■ Exercise requirements: Look through the data below for the line with "by apply: contraNneq S2a => <-.", and transcribe it exactly together with each line after it up to and including the line with "Implicit Types (P : pred". Give nothing else.

[Entries provided — start]

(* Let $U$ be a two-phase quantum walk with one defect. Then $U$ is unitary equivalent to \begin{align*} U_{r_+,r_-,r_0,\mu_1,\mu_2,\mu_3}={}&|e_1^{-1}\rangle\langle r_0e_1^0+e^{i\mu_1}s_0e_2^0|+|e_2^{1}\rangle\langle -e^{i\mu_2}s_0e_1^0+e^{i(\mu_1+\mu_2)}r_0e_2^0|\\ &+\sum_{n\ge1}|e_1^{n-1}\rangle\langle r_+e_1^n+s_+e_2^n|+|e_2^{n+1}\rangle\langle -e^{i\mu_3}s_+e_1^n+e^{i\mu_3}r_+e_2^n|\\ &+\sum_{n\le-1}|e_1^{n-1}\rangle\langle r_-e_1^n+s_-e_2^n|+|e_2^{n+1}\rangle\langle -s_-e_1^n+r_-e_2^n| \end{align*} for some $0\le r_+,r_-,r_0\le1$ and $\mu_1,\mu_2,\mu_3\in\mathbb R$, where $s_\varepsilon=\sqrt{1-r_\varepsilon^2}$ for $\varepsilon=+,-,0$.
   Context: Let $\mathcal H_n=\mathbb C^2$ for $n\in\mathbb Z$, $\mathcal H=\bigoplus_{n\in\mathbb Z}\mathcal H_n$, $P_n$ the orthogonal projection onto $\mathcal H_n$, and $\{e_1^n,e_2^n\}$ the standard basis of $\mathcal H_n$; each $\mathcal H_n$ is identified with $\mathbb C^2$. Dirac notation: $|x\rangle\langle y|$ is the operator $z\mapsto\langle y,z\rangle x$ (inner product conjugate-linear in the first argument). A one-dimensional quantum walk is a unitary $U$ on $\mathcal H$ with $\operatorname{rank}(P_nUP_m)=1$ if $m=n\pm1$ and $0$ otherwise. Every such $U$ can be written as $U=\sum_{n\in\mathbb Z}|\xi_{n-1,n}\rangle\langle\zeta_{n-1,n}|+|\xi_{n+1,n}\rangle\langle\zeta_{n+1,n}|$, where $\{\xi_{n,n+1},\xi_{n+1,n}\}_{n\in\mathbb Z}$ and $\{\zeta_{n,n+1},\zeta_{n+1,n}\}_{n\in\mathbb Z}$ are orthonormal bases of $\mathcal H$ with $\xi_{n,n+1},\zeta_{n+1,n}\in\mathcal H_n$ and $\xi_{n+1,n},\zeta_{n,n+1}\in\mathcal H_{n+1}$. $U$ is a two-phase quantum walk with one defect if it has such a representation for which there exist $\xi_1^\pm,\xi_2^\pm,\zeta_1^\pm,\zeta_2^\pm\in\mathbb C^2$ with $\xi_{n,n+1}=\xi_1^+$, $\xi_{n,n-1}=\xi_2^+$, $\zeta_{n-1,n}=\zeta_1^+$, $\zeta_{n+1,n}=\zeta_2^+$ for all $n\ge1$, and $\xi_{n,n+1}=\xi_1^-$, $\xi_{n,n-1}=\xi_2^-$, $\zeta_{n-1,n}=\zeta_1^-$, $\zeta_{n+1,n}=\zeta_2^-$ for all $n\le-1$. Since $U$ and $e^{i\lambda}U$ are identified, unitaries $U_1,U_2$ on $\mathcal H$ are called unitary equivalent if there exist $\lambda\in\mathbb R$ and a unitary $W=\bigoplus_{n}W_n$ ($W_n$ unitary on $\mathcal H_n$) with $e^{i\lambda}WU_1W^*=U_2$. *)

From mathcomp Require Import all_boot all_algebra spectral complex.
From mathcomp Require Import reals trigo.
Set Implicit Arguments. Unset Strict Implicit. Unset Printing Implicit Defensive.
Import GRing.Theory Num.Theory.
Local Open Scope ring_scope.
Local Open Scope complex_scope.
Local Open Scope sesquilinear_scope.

[Entries provided — finish]
[Entries provided — start]

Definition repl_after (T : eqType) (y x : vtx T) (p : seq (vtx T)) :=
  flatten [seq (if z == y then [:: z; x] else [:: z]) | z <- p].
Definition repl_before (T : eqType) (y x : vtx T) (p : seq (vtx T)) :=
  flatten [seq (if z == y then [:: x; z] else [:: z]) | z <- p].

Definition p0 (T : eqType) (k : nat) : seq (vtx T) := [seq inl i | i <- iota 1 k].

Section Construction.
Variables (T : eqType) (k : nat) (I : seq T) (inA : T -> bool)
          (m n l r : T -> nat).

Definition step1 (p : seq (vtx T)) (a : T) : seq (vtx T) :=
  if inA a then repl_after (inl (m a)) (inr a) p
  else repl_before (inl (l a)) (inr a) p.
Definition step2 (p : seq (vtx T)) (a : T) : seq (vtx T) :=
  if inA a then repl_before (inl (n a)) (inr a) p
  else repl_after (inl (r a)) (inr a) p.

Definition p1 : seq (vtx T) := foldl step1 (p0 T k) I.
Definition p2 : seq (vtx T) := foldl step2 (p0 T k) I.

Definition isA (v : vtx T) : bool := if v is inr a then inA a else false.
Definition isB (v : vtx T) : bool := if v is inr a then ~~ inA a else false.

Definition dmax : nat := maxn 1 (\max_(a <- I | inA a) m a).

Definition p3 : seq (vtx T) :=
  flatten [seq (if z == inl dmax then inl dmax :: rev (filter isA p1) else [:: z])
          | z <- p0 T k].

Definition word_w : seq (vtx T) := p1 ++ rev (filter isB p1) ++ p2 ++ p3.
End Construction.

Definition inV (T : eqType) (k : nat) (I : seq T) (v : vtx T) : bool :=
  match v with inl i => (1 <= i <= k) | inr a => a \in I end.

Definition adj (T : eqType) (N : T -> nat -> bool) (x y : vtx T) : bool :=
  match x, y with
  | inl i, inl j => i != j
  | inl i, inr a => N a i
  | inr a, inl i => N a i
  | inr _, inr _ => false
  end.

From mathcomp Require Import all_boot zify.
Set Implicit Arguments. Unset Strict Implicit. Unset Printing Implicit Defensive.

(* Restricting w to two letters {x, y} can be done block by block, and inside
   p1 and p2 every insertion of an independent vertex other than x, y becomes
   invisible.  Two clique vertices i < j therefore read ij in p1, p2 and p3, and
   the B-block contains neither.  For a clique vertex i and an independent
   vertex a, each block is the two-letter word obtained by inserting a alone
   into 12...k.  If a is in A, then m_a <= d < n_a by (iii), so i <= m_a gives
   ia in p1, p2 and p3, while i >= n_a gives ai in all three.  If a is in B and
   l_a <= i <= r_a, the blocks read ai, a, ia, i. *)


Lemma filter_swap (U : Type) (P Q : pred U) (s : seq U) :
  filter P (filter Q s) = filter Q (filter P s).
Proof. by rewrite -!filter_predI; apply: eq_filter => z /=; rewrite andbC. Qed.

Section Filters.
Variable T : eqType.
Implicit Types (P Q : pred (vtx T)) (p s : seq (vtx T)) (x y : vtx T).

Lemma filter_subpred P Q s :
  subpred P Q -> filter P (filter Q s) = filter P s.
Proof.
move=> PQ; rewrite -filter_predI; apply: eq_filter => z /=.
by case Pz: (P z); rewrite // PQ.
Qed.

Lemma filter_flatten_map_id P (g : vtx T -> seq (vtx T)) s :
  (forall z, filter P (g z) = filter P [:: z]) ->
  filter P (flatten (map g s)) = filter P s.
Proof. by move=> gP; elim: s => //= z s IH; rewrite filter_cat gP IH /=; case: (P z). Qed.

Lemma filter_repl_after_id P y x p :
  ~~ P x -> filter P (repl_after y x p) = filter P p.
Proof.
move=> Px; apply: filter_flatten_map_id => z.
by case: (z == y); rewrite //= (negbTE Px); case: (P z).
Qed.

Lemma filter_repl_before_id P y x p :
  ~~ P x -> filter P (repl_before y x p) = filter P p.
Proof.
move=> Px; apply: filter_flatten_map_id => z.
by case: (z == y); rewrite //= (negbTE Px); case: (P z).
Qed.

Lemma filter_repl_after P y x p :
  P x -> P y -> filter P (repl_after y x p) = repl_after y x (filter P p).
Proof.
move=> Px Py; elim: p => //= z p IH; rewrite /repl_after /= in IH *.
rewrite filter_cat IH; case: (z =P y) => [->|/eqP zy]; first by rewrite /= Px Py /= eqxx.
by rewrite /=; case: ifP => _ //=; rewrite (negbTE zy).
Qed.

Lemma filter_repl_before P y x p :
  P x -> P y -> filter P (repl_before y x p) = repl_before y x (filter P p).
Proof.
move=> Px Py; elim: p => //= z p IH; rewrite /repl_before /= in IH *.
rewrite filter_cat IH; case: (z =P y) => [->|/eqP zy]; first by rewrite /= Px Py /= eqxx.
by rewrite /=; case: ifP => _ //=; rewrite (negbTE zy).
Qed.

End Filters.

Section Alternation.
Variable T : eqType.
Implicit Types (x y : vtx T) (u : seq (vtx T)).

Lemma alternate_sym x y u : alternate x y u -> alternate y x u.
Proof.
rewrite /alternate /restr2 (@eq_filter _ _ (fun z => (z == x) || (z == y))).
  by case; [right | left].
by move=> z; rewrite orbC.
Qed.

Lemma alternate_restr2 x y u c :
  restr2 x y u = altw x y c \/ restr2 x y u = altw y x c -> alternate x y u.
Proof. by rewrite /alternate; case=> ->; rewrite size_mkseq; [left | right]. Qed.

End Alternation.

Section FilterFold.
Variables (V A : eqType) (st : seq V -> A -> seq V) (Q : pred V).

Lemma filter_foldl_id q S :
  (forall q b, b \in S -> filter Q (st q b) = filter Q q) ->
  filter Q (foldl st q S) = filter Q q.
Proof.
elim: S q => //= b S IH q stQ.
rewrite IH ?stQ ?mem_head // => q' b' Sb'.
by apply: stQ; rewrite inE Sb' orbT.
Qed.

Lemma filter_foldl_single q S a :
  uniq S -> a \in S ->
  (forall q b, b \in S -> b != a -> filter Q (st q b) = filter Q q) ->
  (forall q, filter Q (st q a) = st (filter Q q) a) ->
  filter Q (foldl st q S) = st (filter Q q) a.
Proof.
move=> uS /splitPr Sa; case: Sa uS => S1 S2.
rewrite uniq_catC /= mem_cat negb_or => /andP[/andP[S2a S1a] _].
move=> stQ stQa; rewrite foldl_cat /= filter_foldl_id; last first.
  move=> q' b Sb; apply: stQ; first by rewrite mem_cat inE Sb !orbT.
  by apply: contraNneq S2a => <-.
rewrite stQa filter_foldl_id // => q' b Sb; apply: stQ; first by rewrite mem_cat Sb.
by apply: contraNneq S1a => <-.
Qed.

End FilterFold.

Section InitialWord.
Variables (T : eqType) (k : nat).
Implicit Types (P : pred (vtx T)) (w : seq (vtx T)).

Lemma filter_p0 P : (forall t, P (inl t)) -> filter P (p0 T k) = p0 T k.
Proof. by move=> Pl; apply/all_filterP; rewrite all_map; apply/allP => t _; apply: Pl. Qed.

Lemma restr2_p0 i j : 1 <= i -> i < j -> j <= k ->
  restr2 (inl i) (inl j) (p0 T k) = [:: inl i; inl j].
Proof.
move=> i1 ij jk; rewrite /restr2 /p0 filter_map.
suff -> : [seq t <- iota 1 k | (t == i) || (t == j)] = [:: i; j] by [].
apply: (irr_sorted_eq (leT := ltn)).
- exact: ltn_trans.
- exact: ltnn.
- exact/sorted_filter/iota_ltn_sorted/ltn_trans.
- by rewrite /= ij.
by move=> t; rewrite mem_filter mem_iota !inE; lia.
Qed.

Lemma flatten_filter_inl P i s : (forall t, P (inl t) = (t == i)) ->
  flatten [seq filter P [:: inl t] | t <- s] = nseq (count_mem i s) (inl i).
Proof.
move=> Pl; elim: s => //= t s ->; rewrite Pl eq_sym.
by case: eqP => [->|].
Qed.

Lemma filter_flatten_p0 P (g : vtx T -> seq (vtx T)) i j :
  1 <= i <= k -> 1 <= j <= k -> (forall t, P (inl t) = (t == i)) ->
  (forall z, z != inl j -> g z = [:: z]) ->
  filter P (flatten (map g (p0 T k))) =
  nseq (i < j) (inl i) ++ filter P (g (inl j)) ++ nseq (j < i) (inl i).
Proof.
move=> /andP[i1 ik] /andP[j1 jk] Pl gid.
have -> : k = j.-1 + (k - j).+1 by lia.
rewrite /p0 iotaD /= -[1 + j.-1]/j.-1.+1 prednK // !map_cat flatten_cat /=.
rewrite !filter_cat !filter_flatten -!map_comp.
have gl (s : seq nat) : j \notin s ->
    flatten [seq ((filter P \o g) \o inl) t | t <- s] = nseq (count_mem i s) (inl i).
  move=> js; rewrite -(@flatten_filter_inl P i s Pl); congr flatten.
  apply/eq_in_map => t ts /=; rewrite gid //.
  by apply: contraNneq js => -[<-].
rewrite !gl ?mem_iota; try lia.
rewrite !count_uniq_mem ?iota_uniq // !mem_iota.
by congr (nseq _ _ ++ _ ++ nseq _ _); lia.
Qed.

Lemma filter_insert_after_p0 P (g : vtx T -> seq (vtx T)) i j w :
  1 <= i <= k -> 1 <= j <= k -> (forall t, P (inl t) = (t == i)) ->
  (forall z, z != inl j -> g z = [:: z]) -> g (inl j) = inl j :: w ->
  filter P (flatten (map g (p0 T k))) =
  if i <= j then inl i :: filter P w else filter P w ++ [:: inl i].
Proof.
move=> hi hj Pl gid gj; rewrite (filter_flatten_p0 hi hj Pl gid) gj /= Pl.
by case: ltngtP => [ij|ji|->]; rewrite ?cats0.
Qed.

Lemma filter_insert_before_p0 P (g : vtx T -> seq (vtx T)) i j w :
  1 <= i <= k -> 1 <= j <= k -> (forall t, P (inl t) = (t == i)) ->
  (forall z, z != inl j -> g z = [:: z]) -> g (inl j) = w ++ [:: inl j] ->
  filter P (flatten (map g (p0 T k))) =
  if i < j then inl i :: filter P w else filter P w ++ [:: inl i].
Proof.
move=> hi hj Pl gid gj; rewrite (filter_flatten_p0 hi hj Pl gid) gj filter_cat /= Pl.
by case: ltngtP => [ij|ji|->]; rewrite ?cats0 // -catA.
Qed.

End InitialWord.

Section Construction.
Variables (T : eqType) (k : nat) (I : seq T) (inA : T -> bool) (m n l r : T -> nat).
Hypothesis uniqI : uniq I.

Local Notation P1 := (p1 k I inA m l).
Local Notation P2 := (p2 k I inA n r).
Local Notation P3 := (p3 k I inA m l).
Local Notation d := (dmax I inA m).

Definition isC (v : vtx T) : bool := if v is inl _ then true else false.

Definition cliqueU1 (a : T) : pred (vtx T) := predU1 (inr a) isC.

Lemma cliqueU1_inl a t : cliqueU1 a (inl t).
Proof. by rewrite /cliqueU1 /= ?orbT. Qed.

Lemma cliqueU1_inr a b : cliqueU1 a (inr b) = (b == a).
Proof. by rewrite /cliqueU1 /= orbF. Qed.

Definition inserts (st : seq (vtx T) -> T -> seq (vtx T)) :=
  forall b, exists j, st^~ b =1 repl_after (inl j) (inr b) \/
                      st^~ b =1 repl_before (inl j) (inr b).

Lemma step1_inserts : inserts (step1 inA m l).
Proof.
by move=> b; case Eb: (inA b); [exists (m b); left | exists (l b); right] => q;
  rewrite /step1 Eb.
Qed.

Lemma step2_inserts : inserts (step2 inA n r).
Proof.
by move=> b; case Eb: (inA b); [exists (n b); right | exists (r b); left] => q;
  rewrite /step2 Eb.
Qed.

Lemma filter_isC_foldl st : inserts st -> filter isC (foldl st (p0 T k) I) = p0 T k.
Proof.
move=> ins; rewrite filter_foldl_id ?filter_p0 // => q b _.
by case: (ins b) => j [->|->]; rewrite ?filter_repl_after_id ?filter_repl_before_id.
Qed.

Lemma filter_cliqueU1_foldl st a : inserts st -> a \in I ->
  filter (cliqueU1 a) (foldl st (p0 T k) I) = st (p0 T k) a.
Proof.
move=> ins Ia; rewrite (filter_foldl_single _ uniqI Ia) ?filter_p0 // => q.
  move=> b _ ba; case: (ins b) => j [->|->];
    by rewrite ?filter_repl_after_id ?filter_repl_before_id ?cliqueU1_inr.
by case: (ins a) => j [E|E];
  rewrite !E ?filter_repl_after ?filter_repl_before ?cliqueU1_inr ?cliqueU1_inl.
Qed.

[Entries provided — finish]

■ Response to the task:
  by apply: contraNneq S2a => <-.
rewrite stQa filter_foldl_id // => q' b Sb; apply: stQ; first by rewrite mem_cat Sb.
by apply: contraNneq S1a => <-.
Qed.

End FilterFold.

Section InitialWord.
Variables (T : eqType) (k : nat).
Implicit Types (P : pred (vtx T)) (w : seq (vtx T)).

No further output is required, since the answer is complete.